He made me uneasy, a little. Maybe he sensed it, because he relaxed suddenly and sat back in his chair. "Well," he said, "that's what I wanted to say to you."

"I see," I said again.

"Will you come home with me, Charlotte?"

"I can't"

"You know she won't wake up. You heard what Dr. Porter said."

"Saul, I just can't," I said. "You go." And he did, after a minute. The rustle he made while getting himself together was an irritation. I waited, keeping my face turned aside, wondering why he paused so long at the door. But finally he was gone.

Then I had my mother to myself. For I couldn't let loose of her yet. She was like some unsolvable math problem you keep straining at, worrying the edges of, chafing and cursing. She had used me up, worn me out, and now was dying without answering any really important questions or telling me a single truth that mattered. A mound on the bed, opaque, intact. I was furious.

Around midnight, she said, There is too great a weight on my feet." I bent forward to look at her. In the bluish glow of the nightlight I could make out her small, dazed eyes. I said, "Mama?"

"What is this on my feet?" she asked. Her voice was parched and broken. "And my arms, they're all strung up to something.

What's happened?"

"You're in the hospital," I told her.

"Take that blanket or whatever off my feet, please, Charlotte."

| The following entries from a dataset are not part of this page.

Lemma advances_down : anc u v ->
  let x := deepest par [set x in C | anc x v] u in advances v u [:: x; childTo r par x v].
Proof.
move=> uv /=; set X := [set x in C | anc x v]; set x := deepest _ _ _.
have uX : u \in X by rewrite inE uC.
have X0 : X != set0 by apply/set0Pn; exists u.
have [xX x_max] := deepest_spec u X0.
move: (xX); rewrite -/x inE => /andP[xC xv].
have ux : anc u x.
  have /orP[// | xu] := anc_total uv xv.
  case: (eqVneq x u) => [-> | neq_xu]; first exact: anc_refl.
  by have := x_max u uX; rewrite leqNgt (dep_lt xu neq_xu).
exact: advances_childTo (between_down ux xv) (C_adj xC) xv (neq_C_v xC).
Qed.

Lemma advances_up : anc v u ->
  let x := highest par [set x in C | anc v x && anc x u] u in advances v u [:: x; par x].
Proof.
move=> vu /=; set X := [set x in C | _]; set x := highest _ _ _.
have uX : u \in X by rewrite inE uC vu anc_refl.
move: (highest_in uX); rewrite -/x inE => /and3P[xC vx xu].
apply: advances_par (between_up vx xu) (C_adj xC) _.
by apply: contra (neq_C_v xC) => xv; rewrite (anc_antisym xv vx).
Qed.

Lemma advances_up_across : ~~ anc u v ->
  let y := highest par [set y in C | anc y u && ~~ anc y v] u in advances v u [:: y; par y].
Proof.
move=> uv /=; set Y := [set y in C | _]; set y := highest _ _ _.
have uY : u \in Y by rewrite inE uC anc_refl uv.
move: (highest_in uY); rewrite -/y inE => /and3P[yC yu yv].
exact: advances_par (between_ancL yu yv) (C_adj yC) yv.
Qed.

Lemma advances_across_down : [set x in C | anc x v && ~~ anc x u] != set0 ->
  let x := deepest par [set x in C | anc x v && ~~ anc x u] u in
  advances v u [:: x; childTo r par x v].
Proof.
move=> X0 /=; set x := deepest _ _ _; have [xX _] := deepest_spec u X0.
move: xX; rewrite -/x inE => /and3P[xC xv xu].
exact: advances_childTo (between_ancR xv xu) (C_adj xC) xv (neq_C_v xC).
Qed.

End RoutingStep.

Lemma rstep_advances u v : u != v -> advances v u (rstep r par c1 k u v).
Proof.
move=> neq_uv; have [_ uC] := Tu_spec u.
set C := CR (Tu r par c1 k u) in uC; rewrite /rstep -/C.
case: ifP => [uv_adj | /negbT uv_nadj].
  by rewrite /advances /= /route_edge between_last uv_adj orbT hops_xx hops_gt0.
have C_adj x : x \in C -> (u == x) || adjG u x.
  by move=> xC; case: (eqVneq u x) => //= neq_ux; apply: adjG_CR_Tu neq_ux uC xC.
have vC : v \notin C by apply: contra uv_nadj; apply: adjG_CR_Tu.
case: ifP => [uv | /negbT uv]; first exact: advances_down.
case: ifP => [vu | _]; first exact: advances_up.
by case: ifP => [_ | /negbT X0]; [apply: advances_up_across | apply: advances_across_down].
Qed.

Lemma route_spec f u v : hops u v < f ->
  last u (route r par c1 k f u v) = v /\ path (route_edge v) u (route r par c1 k f u v).
Proof.
elim: f u => [// | f IH] u lt_f /=; case: eqVneq => [-> // | neq_uv].
have /andP[step_path step_hops] := rstep_advances neq_uv.
have [last_v rest_path] := IH _ (leq_trans step_hops lt_f).
by rewrite last_cat cat_path step_path last_v rest_path.
Qed.

End Canonical.

End RootedTree.

Theorem theorem2 (R : realDomainType) (V : finType) (r : V) (par : V -> V)
    (w : V -> R) (c1 : V -> option V) (k : nat) :
  is_rooted_tree r par ->
  (forall x, x != r -> 0 < w x)%R ->
  heavy_child_spec r par c1 ->
  4 <= k ->
  forall u v : V,
    exists N : nat,
      let p := route r par c1 k N u v in
      [/\ last u p = v,
          walkw par w u p = dT par w u v &
          path (fun a b => (a == b) || adjG r par c1 k a b) u p].
Proof.
move=> tree _ _ _ u v; exists (hops par u v).+1 => /=.
have [last_v route_path] := route_spec tree c1 k (ltnSn (hops par u v)).
set p := route _ _ _ _ _ u v in last_v route_path *.
have between_path : path (fun a b => between par a b v) u p.
  by apply: sub_path route_path => a b /andP[].
split=> //; last by apply: sub_path route_path => a b /andP[].
by have := walkw_between w between_path; rewrite last_v dT_xx addr0.
Qed.
Lemma from_torus_to_torus f : tonnetz_realization n 3 L f -> from_torus (to_torus f) = f.
Proof.
  intros Hf.
  destruct (realization_cover f Hf) as [w [a [b [t1 [t2 [Ha [Hb [Hab [Ht1 [Ht2 [Ht ->]]]]]]]]]]].
  unfold from_torus. rewrite to_torus_bary_point by auto.
  destruct (angles_wrap (basis_inv (plane_bary w a b t1 t2))) as [k1 [k2 ->]].
  unfold Rminus. rewrite <- !opp_IZR, plane_to_complex_basis_shift, basis_basis_inv.
  apply plane_to_complex_bary; auto.
Qed.

Lemma to_torus_from_torus q : torus2 q -> to_torus (from_torus q) = q.
Proof.
  intros Hq. unfold from_torus.
  destruct (plane_bary_cover (basis (angles q)))
    as [w [a [b [t1 [t2 [Ha [Hb [Hab [Ht1 [Ht2 [Ht Hz]]]]]]]]]]].
  rewrite Hz, plane_to_complex_bary, to_torus_bary_point by auto.
  rewrite <- Hz, basis_inv_basis. apply wrap_angles; auto.
Qed.

Lemma realization_first_nonzero f : tonnetz_realization n 3 L f ->
  (first_nonzero f (seq 0 n) < n)%nat /\ 0 < f (first_nonzero f (seq 0 n)).
Proof.
  intros [Hnn [_ [Hsum _]]]. change (Rsum (seq 0 n) f = 1) in Hsum.
  destruct (first_nonzero_spec f (seq 0 n)) as [Hin Hne]; [lra|].
  apply in_seq in Hin. pose proof (Hnn (first_nonzero f (seq 0 n))). split; [lia|lra].
Qed.

Lemma to_torus_continuous : cont_on (distn n) dist4 (tonnetz_realization n 3 L) to_torus.
Proof.
  intros f Hf eps Heps. destruct (realization_first_nonzero f Hf) as [Hvn Hv].
  set (v := first_nonzero f (seq 0 n)) in *.
  destruct basis_inv_lipschitz as [K [HK HbK]]. pose proof PI_RGT_0. pose proof (pos_INR n).
  set (C := 2 * PI * K * (2 * INR n)).
  assert (HC : 0 <= C) by (unfold C; assert (0 <= PI * K) by nra; nra).
  exists (Rmin (f v) (eps / (C + 1))). split.
  { apply Rmin_case; [lra|apply Rdiv_lt_0_compat; lra]. }
  intros f' Hf' Hd.
  pose proof (Rmin_l (f v) (eps / (C + 1))). pose proof (Rmin_r (f v) (eps / (C + 1))).
  pose proof (distn_component n f f' v Hvn) as Hdv.
  assert (Hv' : f' v <> 0).
  { intro E. rewrite E, Rminus_0_r, Rabs_right in Hdv by lra. lra. }
  rewrite (to_torus_chart f v Hf (Rgt_not_eq _ _ Hv)), (to_torus_chart f' v Hf' Hv').
  eapply Rle_lt_trans; [apply dist4_wrap|].
  assert (Hchart := chart_lipschitz f f' v). pose proof (dist1_nonneg (chart f v) (chart f' v)).
  pose proof (HbK (chart f v) (chart f' v)).
  apply Rle_lt_trans with (C * distn n f f').
  - assert (K * dist1 (chart f v) (chart f' v) <= K * (2 * INR n * distn n f f'))
      by (apply Rmult_le_compat_l; lra).
    replace (C * distn n f f') with (2 * PI * (K * (2 * INR n * distn n f f'))) by (unfold C; ring).
    apply Rmult_le_compat_l; lra.
  - apply lipschitz_bound_lt; auto; [pose proof (Rabs_pos (f v - f' v)); lra|lra].
Qed.

Lemma from_torus_continuous : cont_on dist4 (distn n) torus2 from_torus.
Proof.
  intros [[a1 b1] [a2 b2]] [H1 H2] eps Heps.
  destruct basis_lipschitz as [K [HK HbK]].
  set (eta := eps / (16 * K + 1) / 2).
  assert (Heta : 0 < eta) by (unfold eta; apply Rdiv_lt_0_compat; [apply Rdiv_lt_0_compat|]; lra).
  destruct (angle_continuous_mod_Z a1 b1 eta H1 Heta) as [d1 [Hd1 A1]].
  destruct (angle_continuous_mod_Z a2 b2 eta H2 Heta) as [d2 [Hd2 A2]].
  exists (Rmin d1 d2). split; [apply Rmin_case; lra|].
  intros [[a1' b1'] [a2' b2']] [H1' H2'] Hd.
  pose proof (Rmin_l d1 d2). pose proof (Rmin_r d1 d2).
  destruct (dist4_components a1 b1 a2 b2 a1' b1' a2' b2') as [E1 [E2 [E3 E4]]].
  rewrite Rabs_minus_sym in E1, E2, E3, E4.
  destruct (A1 a1' b1' H1' ltac:(lra) ltac:(lra)) as [k1 K1].
  destruct (A2 a2' b2' H2' ltac:(lra) ltac:(lra)) as [k2 K2].
  set (s := angles (a1, b1, (a2, b2))).
  set (r := (fst s + (angle a1' b1' - angle a1 b1 - IZR k1),
             snd s + (angle a2' b2' - angle a2 b2 - IZR k2))).
  assert (Hq' : from_torus (a1', b1', (a2', b2')) = plane_to_complex (basis r)).
  { unfold from_torus. rewrite <- (plane_to_complex_basis_shift r k1 k2). f_equal. f_equal.
    unfold r, s; simpl. f_equal; ring. }
  rewrite Hq'. apply distn_lt; auto. intros v _.
  eapply Rle_lt_trans; [apply plane_to_complex_lipschitz|].
  pose proof (HbK s r). pose proof (dist1_nonneg (basis s) (basis r)).
  assert (Hsr : dist1 s r < eps / (16 * K + 1)).
  { replace (dist1 s r) with (Rabs (angle a1' b1' - angle a1 b1 - IZR k1) +
      Rabs (angle a2' b2' - angle a2 b2 - IZR k2)).
    - replace (eps / (16 * K + 1)) with (2 * eta) by (unfold eta; field; lra). lra.
    - unfold dist1, r; cbn [fst snd]. rewrite <- (Rabs_Ropp (angle a1' b1' - _ - _)),
        <- (Rabs_Ropp (angle a2' b2' - _ - _)). f_equal; f_equal; ring. }
  apply Rle_lt_trans with (16 * (K * dist1 s r)).
  - fold s. apply Rmult_le_compat_l; lra.
  - rewrite <- Rmult_assoc. apply lipschitz_bound_lt; [lra|apply dist1_nonneg|].
    exact Hsr.
Qed.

"Mama, are you all the way awake?"

"My feet'." I stood up and searched my skirt pockets, my blouse pocket, and nearly panicked, till I remembered my cardigan. "Mama," I said, "look." I turned on the reading lamp at the head of her bed. She flinched and closed her eyes. I held the photograph in front of her face. "Look, Mama."

"But the light."

"It's important," I told her. "Who is this a picture of?" She rolled her head back and forth, protesting, but opened her eyes a slit. Then closed them. "Oh, me," she said.

"Who is it, Mama?"

"Me, I said. Me as a child." I took the picture away and stared at it "Are you sure?" I asked.

She nodded, uninterested.

"But… I thought it would be your true daughter. The one they mixed up in the hospital."

"Hospital?" she said. She opened her eyes again and let them travel in a slow, frowning arc across the shadowy ceiling. "I never gave my permission to be brought to any hospital."

"The one' you had a baby in, Mama.

Remember you had a baby?"

"A surprise," my mother said.

"That's right."

"Like a present. A doll in a box."

"Well…"

"I can't imagine how it happened, we hardly ever did much."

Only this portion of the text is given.